Peter Gornstein: Virtual worlds have no limits, right? You can go anywhere, it can be any kind of environment. Only
the imagination basically sets boundaries.

The environment role is to set the framework for the story. To subconsciously tell and get the emotion across that
you'd like the player or the actor or the viewer to experience. We're using depth, we're using space, we're using light.
All of these tools are used to tell the story exactly the same way that a Renaissance painter would do.
In an environment all the smaller objects are there to inform the player or the viewer of what we call the tertiary story,
the background story, the story that's not being told by words.

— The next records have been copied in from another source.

(* Let $\gamma\ge0$ and $\alpha_i,\beta_i\ge0$ with $\gamma+\sum_i\alpha_i+\sum_i\beta_i=1$. The separation distance between the distribution of $k$ successive (independent) applications of an $(\vec{\alpha},\vec{\beta},\gamma)$ shuffle to an $n$-card deck and the uniform distribution on $S_n$ is at most \[ \binom{n}{2}\Big[\sum_i \alpha_i^2+\sum_i\beta_i^2\Big]^k .\]
   Context: An $(\vec{\alpha},\vec{\beta},\gamma)$ shuffle of $n$ cards is the random permutation $\pi$ of $\{1,\dots,n\}$ produced as follows. Choose a word of length $n$ of integers with independent letters, letter $i>0$ with probability $\alpha_i$, letter $-i$ ($i>0$) with probability $\beta_i$, letter $0$ with probability $\gamma$. Process the occurring letter values in increasing order of the integers, assigning consecutive blocks of $\{1,\dots,n\}$ starting from $1$: a negative value's block is written at its positions in decreasing order from left to right; the block of $0$ is written at its positions in uniformly random order; a positive value's block is written at its positions in increasing order from left to right. $\pi(p)$ is the integer at position $p$. The separation distance between a probability $P$ on $S_n$ and the uniform distribution $U$ is $\max_{\pi\in S_n}\big(1-\frac{P(\pi)}{U(\pi)}\big)$. *)

From HB Require Import structures.
From mathcomp Require Import all_boot all_order all_algebra all_fingroup.
From mathcomp Require Import all_classical all_reals.
From mathcomp Require Import topology normedtype sequences esum.
Set Implicit Arguments. Unset Strict Implicit. Unset Printing Implicit Defensive.
Import Order.TTheory GRing.Theory Num.Theory.
Local Open Scope ring_scope.

Section Shuffle.
Variable R : realType.
Variable n : nat.

(* probability of letter z : letter 0 has prob g, letter i>0 has prob a (i-1),
   letter -i (i>0) has prob b (i-1), i.e. a i = alpha_{i+1}, b i = beta_{i+1}. *)
Definition letterp (g : R) (a b : nat -> R) (z : int) : R :=
  match z with
  | Posz 0 => g
  | Posz (S i) => a i
  | Negz i => b i
  end.

Definition word_weight (g : R) (a b : nat -> R) (w : {ffun 'I_n -> int}) : R :=
  \prod_(j : 'I_n) letterp g a b (w j).

(* the (0-based) value written at position p, given the word w and a
   permutation t used to fix the (uniformly random) order in which the
   block of letter 0 is written: the zero positions receive the block in the
   order of their t-values. *)
Definition shuffle_value (w : {ffun 'I_n -> int}) (t : 'S_n) (p : 'I_n) : nat :=
  #|[set q : 'I_n | w q < w p]| +
  (if 0 < w p then #|[set q : 'I_n | (w q == w p) && (q < p)%N]|
   else if w p < 0 then #|[set q : 'I_n | (w q == w p) && (p < q)%N]|
   else #|[set q : 'I_n | (w q == 0) && (t q < t p)%N]|).

(* conditional probability that the shuffle outputs s given the word w
   (t uniform on S_n induces the uniform random order of the 0 block) *)
Definition shuffle_cond (w : {ffun 'I_n -> int}) (s : 'S_n) : R :=
  #|[set t : 'S_n | [forall p, nat_of_ord (s p) == shuffle_value w t p]]|%:R
    / (n`!)%:R.

Definition shuffle1 (g : R) (a b : nat -> R) (s : 'S_n) : R :=
  fine (\esum_(w in [set: {ffun 'I_n -> int}])
          (word_weight g a b w * shuffle_cond w s)%:E).

Fixpoint shufflek (g : R) (a b : nat -> R) (k : nat) (s : 'S_n) : R :=
  match k with
  | 0 => (s == 1%g)%:R
  | k'.+1 => \sum_(t : 'S_n) shuffle1 g a b t * shufflek g a b k' (t^-1 * s)%g
  end.

Definition unif (s : 'S_n) : R := ((n`!)%:R)^-1.

Definition sep_dist (P : 'S_n -> R) : R :=
  \big[Num.max/(1 - P 1%g / unif 1%g)]_(s : 'S_n) (1 - P s / unif s).

End Shuffle.

From mathcomp Require Import all_boot all_order all_algebra all_fingroup.
From mathcomp Require Import all_classical all_reals.
From mathcomp Require Import topology normedtype sequences esum ereal realfun.
From mathcomp Require Import lra.
Import Order.TTheory GRing.Theory Num.Theory numFieldNormedType.Exports.
Set Implicit Arguments. Unset Strict Implicit. Unset Printing Implicit Defensive.
Local Open Scope ring_scope.

(** One shuffle acts on the relative order of the cards: they are sorted by
letter, and inside the block of a letter their previous order is kept (positive
letter), reversed (negative letter) or replaced by a uniformly random one
(letter 0). Call two cards separated once they have fallen into different
blocks, or together into the block of 0. Whether every pair is separated after
[k] shuffles does not depend on the starting order, and on that event the final
order does not depend on the starting order either; by relabelling the deck it
is therefore uniform there. Hence [n! P^k(s) >= P(all pairs separated)], and a
union bound over the [C(n,2)] pairs, each staying unseparated during one shuffle
with probability [sum alpha_i^2 + sum beta_i^2], gives the claim. Since the
alphabet is infinite, the argument is run on the finitely many letters [0, +-1,
..., +-N], whose weights sum to at most 1, and [N] is then sent to infinity. *)

(** * Strict total orders and rankings *)

Definition strict_total (T : eqType) (B : rel T) :=
  [/\ irreflexive B, transitive B & forall x y, x != y -> B x y || B y x].

Lemma strict_total_rev (T : eqType) (B : rel T) :
  strict_total B -> strict_total (fun x y => B y x).
Proof.
case=> irrB trB totB; split=> // [y x z Bxy Byz|x y /totB]; first exact: trB Byz Bxy.
by rewrite orbC.
Qed.

Lemma strict_total_relpre (T U : eqType) (h : U -> T) (B : rel T) :
  injective h -> strict_total B -> strict_total (relpre h B).
Proof.
move=> injh [irrB trB totB]; split=> [x|y x z|x y] /=; first exact: irrB.
  exact: trB.
by rewrite -(inj_eq injh); exact: totB.
Qed.

Lemma strict_total_lex (T : eqType) d (V : orderType d) (K : T -> V) (C : V -> rel T) :
  (forall v, strict_total (C v)) ->
  strict_total (fun x y => (K x < K y)%O || (K x == K y) && C (K y) x y).
Proof.
move=> totC; split=> [x|y x z|x y xy].
- by rewrite ltxx eqxx /=; case: (totC (K x)).
- case/orP=> [ltxy|/andP[/eqP eqxy Cxy]] /orP[ltyz|/andP[/eqP eqyz Cyz]].
  + by rewrite (lt_trans ltxy ltyz).
  + by rewrite -eqyz ltxy.
  + by rewrite eqxy ltyz.
  + rewrite eqxy eqyz ltxx eqxx /=; case: (totC (K z)) => _ trC _.
    by apply: trC Cyz; rewrite -eqyz.
- case: (ltgtP (K x) (K y)) => //= eqxy; rewrite eqxy.
  by case: (totC (K y)) => _ _ /(_ x y xy).
Qed.

Lemma strict_total_ltn : strict_total ltn.
Proof. by split=> [x|y x z|x y]; [exact: ltnn|exact: ltn_trans|rewrite -neq_ltn]. Qed.

Definition pos_lt {n} : rel 'I_n := relpre (@nat_of_ord n) ltn.

Lemma strict_total_pos_lt n : strict_total (@pos_lt n).
Proof. exact: strict_total_relpre val_inj strict_total_ltn. Qed.

Section Ranks.
Variable n : nat.
Local Open Scope nat_scope.
Implicit Types (B : rel 'I_n) (s t : 'S_n) (p q : 'I_n).

Definition rank B p := #|[set q | B q p]|.

Definition is_ranking s B := [forall p, s p == rank B p :> nat].

Section StrictTotalRank.
Variable B : rel 'I_n.
Hypothesis totB : strict_total B.

Lemma rank_lt_n p : rank B p < n.
Proof.
case: totB => irrB _ _; rewrite -[n]card_ord /rank.
by apply/proper_card/properP; split; [exact: subset_predT|exists p; rewrite ?inE ?irrB].
Qed.

Lemma ltn_rank q p : B q p -> rank B q < rank B p.
Proof.
case: totB => irrB trB _ Bqp; apply/proper_card/properP; split.
  by apply/fintype.subsetP=> x; rewrite !inE => /trB; apply.
by exists q; rewrite !inE ?irrB.
Qed.

Lemma rank_inj : injective (rank B).
Proof.
case: totB => _ _ totB' p q eq_pq; apply: contraTeq isT => /totB' /orP[] /ltn_rank.
all: by rewrite eq_pq ltnn.
Qed.

Lemma exists_ranking : exists s, is_ranking s B.
Proof.
have inj_rk : injective (fun p => Ordinal (rank_lt_n p)).
  by move=> p q /(congr1 val) /rank_inj.
by exists (perm inj_rk); apply/forallP=> p; rewrite permE.
Qed.

Lemma is_ranking_ltn s : is_ranking s B -> forall q p, (s q < s p) = B q p.
Proof.
move=> /forallP rk q p; rewrite !(eqP (rk _)); apply/idP/idP; last exact: ltn_rank.
case: totB => _ _ totB'.
case: (eqVneq q p) => [-> | /totB' /orP[//|/ltn_rank lt_pq] lt_qp].
  by rewrite ltnn.
by have := ltn_trans lt_pq lt_qp; rewrite ltnn.
Qed.

End StrictTotalRank.

Lemma rank_relpre t B p : rank (relpre t B) p = rank B (t p).
Proof.
rewrite /rank -[RHS](card_preimset _ (@perm_inj _ t)).
by apply: eq_card => q; rewrite !inE.
Qed.

Lemma is_ranking_relpre t s B : is_ranking (t * s)%g (relpre t B) = is_ranking s B.
Proof.
apply/forallP/forallP => rk p; last by rewrite rank_relpre permM; exact: rk.
by move: (rk (t^-1 p)%g); rewrite rank_relpre permM permKV.
Qed.

Lemma rank_pos_lt p : rank pos_lt p = p.
Proof.
have inj_widen : injective (widen_ord (ltnW (ltn_ord p))).
  by move=> i j /(congr1 val) /= /val_inj.
rewrite /rank -[in RHS](card_ord p) -(card_imset _ inj_widen).
apply: eq_card => q; rewrite !inE; apply/idP/imsetP => [lt_qp|[i _ ->]] /=.
  by exists (Ordinal lt_qp); last exact: val_inj.
exact: (ltn_ord i).
Qed.

Lemma is_ranking_pos_lt s : is_ranking s pos_lt -> s = 1%g.
Proof.
move=> /forallP rk; apply/permP => p; apply/val_inj.
by rewrite /= (eqP (rk p)) perm1 rank_pos_lt.
Qed.

End Ranks.

(** * Rounds of a shuffle over a finite alphabet *)

Fixpoint conv_pow (R : pzSemiRingType) n (P : 'S_n -> R) k (s : 'S_n) : R :=
  if k is k'.+1 then \sum_t P t * conv_pow P k' (t^-1 * s)%g else (s == 1%g)%:R.

Section ConvPow.
Variables (R : numDomainType) (n : nat).
Implicit Types (P Q : 'S_n -> R).

Lemma conv_pow_ge0 P k s : (forall t, 0 <= P t) -> 0 <= conv_pow P k s.
Proof.
move=> P_ge0; elim: k s => [|k IHk] s /=; first exact: ler0n.
by apply: sumr_ge0 => t _; rewrite mulr_ge0.
Qed.

Lemma ler_conv_pow P Q k s : (forall t, 0 <= Q t) -> (forall t, Q t <= P t) ->
  conv_pow Q k s <= conv_pow P k s.
Proof.
move=> Q_ge0 leQP; elim: k s => [|k IHk] s //=.
by apply: ler_sum => t _; rewrite ler_pM ?conv_pow_ge0.
Qed.

End ConvPow.

Lemma sum_pairs_le (R : numDomainType) n (F : 'I_n -> 'I_n -> R) (c : R) :
    (forall q p : 'I_n, (q < p)%N -> F q p <= c) ->
  \sum_(p : 'I_n) \sum_(q : 'I_n | (q < p)%N) F q p <= 'C(n, 2)%:R * c.
Proof.
move=> leFc; apply: le_trans (ler_sum _ (fun p _ => ler_sum _ (fun q => leFc q p))) _.
rewrite (eq_bigr (fun p : 'I_n => c *+ p)) => [|p _]; last first.
  by rewrite -[in RHS](rank_pos_lt p) /rank -sumr_const; apply: eq_bigl => q; rewrite inE.
by rewrite sumrMnr mulr_natl -bin2_sum big_mkord.
Qed.

Section Rounds.
Variables (R : realFieldType) (n : nat) (T : finType) (iota : T -> int) (f : T -> R).
Hypothesis f_ge0 : forall x, 0 <= f x.
Implicit Types (B E : rel 'I_n) (s t : 'S_n) (p q : 'I_n).

Definition round := ({ffun 'I_n -> T} * 'S_n)%type.

Definition round_weight (r : round) : R := (\prod_p f (r.1 p)) / (n`!)%:R.

Definition block_order B t (v : int) : rel 'I_n :=
  if 0 < v then B else if v < 0 then (fun q p => B p q) else relpre t pos_lt.

Definition refine (r : round) B : rel 'I_n := fun q p =>
  (iota (r.1 q) < iota (r.1 p)) ||
  (iota (r.1 q) == iota (r.1 p)) && block_order B r.2 (iota (r.1 p)) q p.

Definition same_block (w : {ffun 'I_n -> T}) : rel 'I_n := fun q p =>
  (iota (w q) == iota (w p)) && (iota (w p) != 0).

(* [run_sum k F B E] sums [F] over the outcomes of [k] rounds started from the
   order [B]; [E] collects the pairs that so far always shared a nonzero block. *)
Fixpoint run_sum k (F : rel 'I_n -> rel 'I_n -> R) B E : R :=
  if k is k'.+1 then
    \sum_(r : round) round_weight r *
      run_sum k' F (refine r B) (fun q p => E q p && same_block r.1 q p)
  else F B E.

Lemma round_weight_ge0 r : 0 <= round_weight r.
Proof. by rewrite divr_ge0 ?ler0n // prodr_ge0. Qed.

Lemma strict_total_refine r B : strict_total B -> strict_total (refine r B).
Proof.
move=> totB; apply: (strict_total_lex (fun p => iota (r.1 p))) => v; rewrite /block_order.
case: ifP => _; first exact: totB.
case: ifP => _; first exact: strict_total_rev.
exact: strict_total_relpre perm_inj (strict_total_pos_lt n).
Qed.

Lemma ler_run_sum k F G B E :
    (forall B E, strict_total B -> F B E <= G B E) -> strict_total B ->
  run_sum k F B E <= run_sum k G B E.
Proof.
move=> leFG; elim: k B E => [|k IHk] B E totB /=; first exact: leFG.
apply: ler_sum => r _; rewrite ler_wpM2l ?round_weight_ge0 //.
exact/IHk/strict_total_refine.
Qed.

Often in a setting we'll have background characters, just as the Renaissance painters did. And we'll use them to tell a
story or to guide the eye. So a person will cross the screen in order to lead the eye exactly where you want the player
or the viewer to see. In a sense you can say we often use the camera as well as the background characters to sort of
guide the eye through the space.
As with Crivelli, nothing is incidental, everything is planned. That's how these things are created. Nothing is left to
chance.
I think when you look at the Venusti picture and look at the setting of, for instance, Nero's palace, then you can see a
lot of similarities. We have the columns, the space, we use the same sort of depth of field, we use the same vertical
composition because we want to emphasize greatness, we want to emphasize scale, we want to emphasize almost a
superhuman or godly presence. What he does is create very vertical space to constantly remind the viewer to look
upwards to get a sense of the grandeur of something larger than life.

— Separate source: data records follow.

(* Let $\mathcal{P}_1=\{AABB,ABAB\}$ and $\mathcal{P}_2=\{AABB,ABBA\}$. For each $i\in\{1,2\}$ there are constants $0<c<C$ such that a.a.s. $c\,n^{1/2}\le z_{\mathcal{P}_i}(\mathbb{RM}^{(2)}_{n})\le C\,n^{1/2}$.
   Context: An ordered $2$-matching of size $n$ is a set of $n$ pairwise disjoint $2$-element subsets (edges) of the ordered set $[2n]$ covering it; $\mathbb{RM}^{(2)}_n$ is such a matching chosen uniformly at random. Matchings are written as words (each edge gets a letter, each vertex replaced by its edge's letter), and $AABB, ABAB, ABBA$ are the three $2$-patterns (ordered matchings of size 2). Two edges form a pattern if they induce a matching order-isomorphic to it. For a set $\mathcal P$ of patterns, a $\mathcal P$-clique is a matching all of whose pairs of edges form patterns in $\mathcal P$, and $z_{\mathcal P}(M)$ is the largest size of a $\mathcal P$-clique contained in $M$. ''A.a.s.'' means with probability tending to 1 as $n\to\infty$. *)

From HB Require Import structures.
From mathcomp Require Import all_boot all_order all_algebra.
From mathcomp Require Import reals.
Set Implicit Arguments. Unset Strict Implicit. Unset Printing Implicit Defensive.
Import Order.TTheory GRing.Theory Num.Theory.

(* Vertex set [2n] is represented by 'I_(n.*2) (0-based, same order). *)
Definition vert (n : nat) := 'I_(n.*2).

(* An ordered 2-matching of size n, given by its fixed-point-free
   partner involution on [2n]. *)
Definition is_matching (n : nat) (M : {ffun vert n -> vert n}) : bool :=
  [forall x, (M x != x) && (M (M x) == x)].

Definition matchings (n : nat) : {set {ffun vert n -> vert n}} :=
  [set M | is_matching M].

The development process starts very much like when you do a movie. We start with sketches. We start with
brainstorming, talking through the ideas. Then we move into loose concept sketches where we kind of sketch out and
feel for it. We settle down on our artistic style. With Ryse: Son of Rome, we very early on decided that we wanted to
make something that looked Roman but uniquely Roman, so we merged Art Deco into the style of classical Roman.
Then, once we decided on the style, then we go to more finished renders. Then we go to what's called white-boxing,
which is actually building almost like with Lego, you build the environment up and make sure that it fits the camera,
fits the player path. Then lastly, once we've decided on that and it works for the game play as well as for the
cinematics, then we decide to actually texture, render and finish up the environment, adding light of course and final
polishes at the end.
Obviously as the art director I'm just the representative of an incredibly talented and diversified team of lighters, 3D
modelers, compositors, builders, a whole bunch just like a Renaissance master would have a whole studio of people
helping him. It actually works very much in a similar way, the way we do it now in the computer games industry.

Video 2 Strange Spaces


T J Clark:
What kind of questions are the most productive questions to ask of Italian Renaissance painting?

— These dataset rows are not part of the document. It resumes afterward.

Lemma totcorr_setD_determined J Z s : determined J Z ->
  totcorr [seq X :\: J | X <- s] Z = totcorr s Z.
Proof.
move=> hJ; elim: s => [|X s IH] //=; rewrite !totcorr_cons IH bigcup_map_setD.
congr (_ + _).
by rewrite /mutinf -setDUl !(condh_setD_determined _ hJ).
Qed.

Lemma totcorr_cond_determined J Z1 Z2 s : Z1 \subset Z2 -> Z2 \subset Z1 :|: J ->
  determined J Z1 -> totcorr s Z2 = totcorr s Z1.
Proof.
move=> s12 /subsetP s21 hJ.
have hZ A : h (A :|: Z2) = h (A :|: Z1).
  have := determined_sandwich (X := A :|: Z1) (Y := A :|: Z2) hJ.
  rewrite -!setUA setUid (setUidPl s12) => -> //; first exact: setUS.
  apply/subsetP => x; have := s21 x; rewrite !inE.
  by case: (x \in Z1); case: (x \in Z2); case: (x \in A); case: (x \in J) => // ->.
have hc A : condh A Z2 = condh A Z1 by rewrite /condh hZ -(set0U Z2) hZ set0U.
by rewrite /totcorr hc; congr (_ - _); apply: eq_bigr => Q _; exact: hc.
Qed.

Lemma condh_additive G Z A : totcorr G Z = 0 -> A \subset \bigcup_(X <- G) X ->
  condh A Z = \sum_(X <- G) condh (A :&: X) Z.
Proof.
move=> G0 sA; have := totcorr_map_sub (subsetIr A) G0.
by rewrite /totcorr bigcup_map_setI big_map (setIidPl sA) => /eqP; rewrite subr_eq0 => /eqP.
Qed.

Lemma totcorr_nseq k X Z : totcorr (nseq k.+1 X) Z = k%:R * condh X Z.
Proof.
elim: k => [|k IH]; first by rewrite totcorr_small ?mul0r.
rewrite [nseq _ _]/= totcorr_cons IH mulrSr mulrDl mul1r; congr (_ + _).
have -> : \bigcup_(Y <- nseq k.+1 X) Y = X.
  by elim: k {IH} => [|k IH]; rewrite /= big_cons ?big_nil ?setU0 ?IH ?setUid.
by rewrite /mutinf setUid addrK.
Qed.

Lemma determined_repeated s Z m : totcorr s Z = 0 ->
  (1 < count (fun X => m \in X) s)%N -> determined [set m] Z.
Proof.
move=> s0 c2; pose f X := if m \in X then [set m] else set0.
have fX X : f X \subset X by rewrite /f; case: ifP => mX; rewrite ?sub1set ?sub0set.
have m_neq0 : [set m] != set0 by apply/set0Pn; exists m; rewrite set11.
have := totcorr_map_sub fX s0; rewrite -totcorr_filter_nonempty.
have -> : [seq Y <- [seq f X | X <- s] | Y != set0] =
          nseq (count (fun X => m \in X) s) [set m].
  by elim: s {s0 c2} => //= X s ->; rewrite /f; case: (m \in X); rewrite /= ?m_neq0 ?eqxx.
move: c2; case: count => [|[|k]] // _; rewrite totcorr_nseq => /eqP.
by rewrite mulf_eq0 pnatr_eq0 /= subr_eq0 => /eqP.
Qed.

Lemma condh_blocks G C Z A : totcorr G C = 0 -> C \subset Z ->
  Z \subset C :|: \bigcup_(X <- G) X -> A \subset \bigcup_(X <- G) X ->
  condh A Z = \sum_(X <- G) (condh ((A :|: Z) :&: X) C - condh (Z :&: X) C).
Proof.
set U := \bigcup_(X <- G) X => G0 sCZ sZ sA.
have ZE : Z :&: U :|: C = Z by rewrite setUIl (setUidPl sCZ) setUC; apply/setIidPl.
have -> : condh A Z = condh (A :|: Z :&: U) C - condh (Z :&: U) C.
  by rewrite /condh -setUA ZE; lra.
rewrite !(condh_additive G0) /U ?subUset ?sA ?subsetIr //.
rewrite -sumrB; apply: eq_big_seq => X /bigcup_seq_sup /subsetP XU.
by congr (condh _ _ - condh _ _); apply/setP => x; have := XU x; rewrite !inE;
  case: (x \in X) => [->|_]; rewrite ?andbT ?andbF.
Qed.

We're looking here at a very large altarpiece, very grand, done at the very end of the 15th century, 1498-1500, by
Costa and Maineri. And by the time they were working on this, the machinery of illusionism had been completely
perfected. They knew how to do architectural depth. They knew how to do the soft shine of light on armour. They had
the world of illusion at their fingertips. Where do we stand in the illusion it makes? What kind of space are we invited
into? I think the answers to that often are very perplexing. We ask the question and the answer is not at all obvious.
This painting is a wonderful example of that. Where are we exactly? We seem to be certainly inside some marvelous
architectural structure. But are we safely in an interior or at the threshold of some buildings? Maybe in some kind of
portico or loggia or anteroom, or throne room, well it's certainly a throne room. There's the Virgin perched on her high
marble plinth. What a marvelous and impossible piece of architecture it is. And, of course, the ins and outs are
punctuated and sort of accelerated by the fact of sculpture and painting and mosaic-work being on every bending
surface.

Then look above. Does the throne have a back? Perhaps we're immediately invited to think it does. There seems to
be a red draped rear to the throne. But then we realize, because two other curtains give us the clue to what we're
looking at are drapes, red curtains of some sort, maybe velvet, which seem to be hung on the outside of the barrel
vault. Really rather far back, it seems, behind the Virgin.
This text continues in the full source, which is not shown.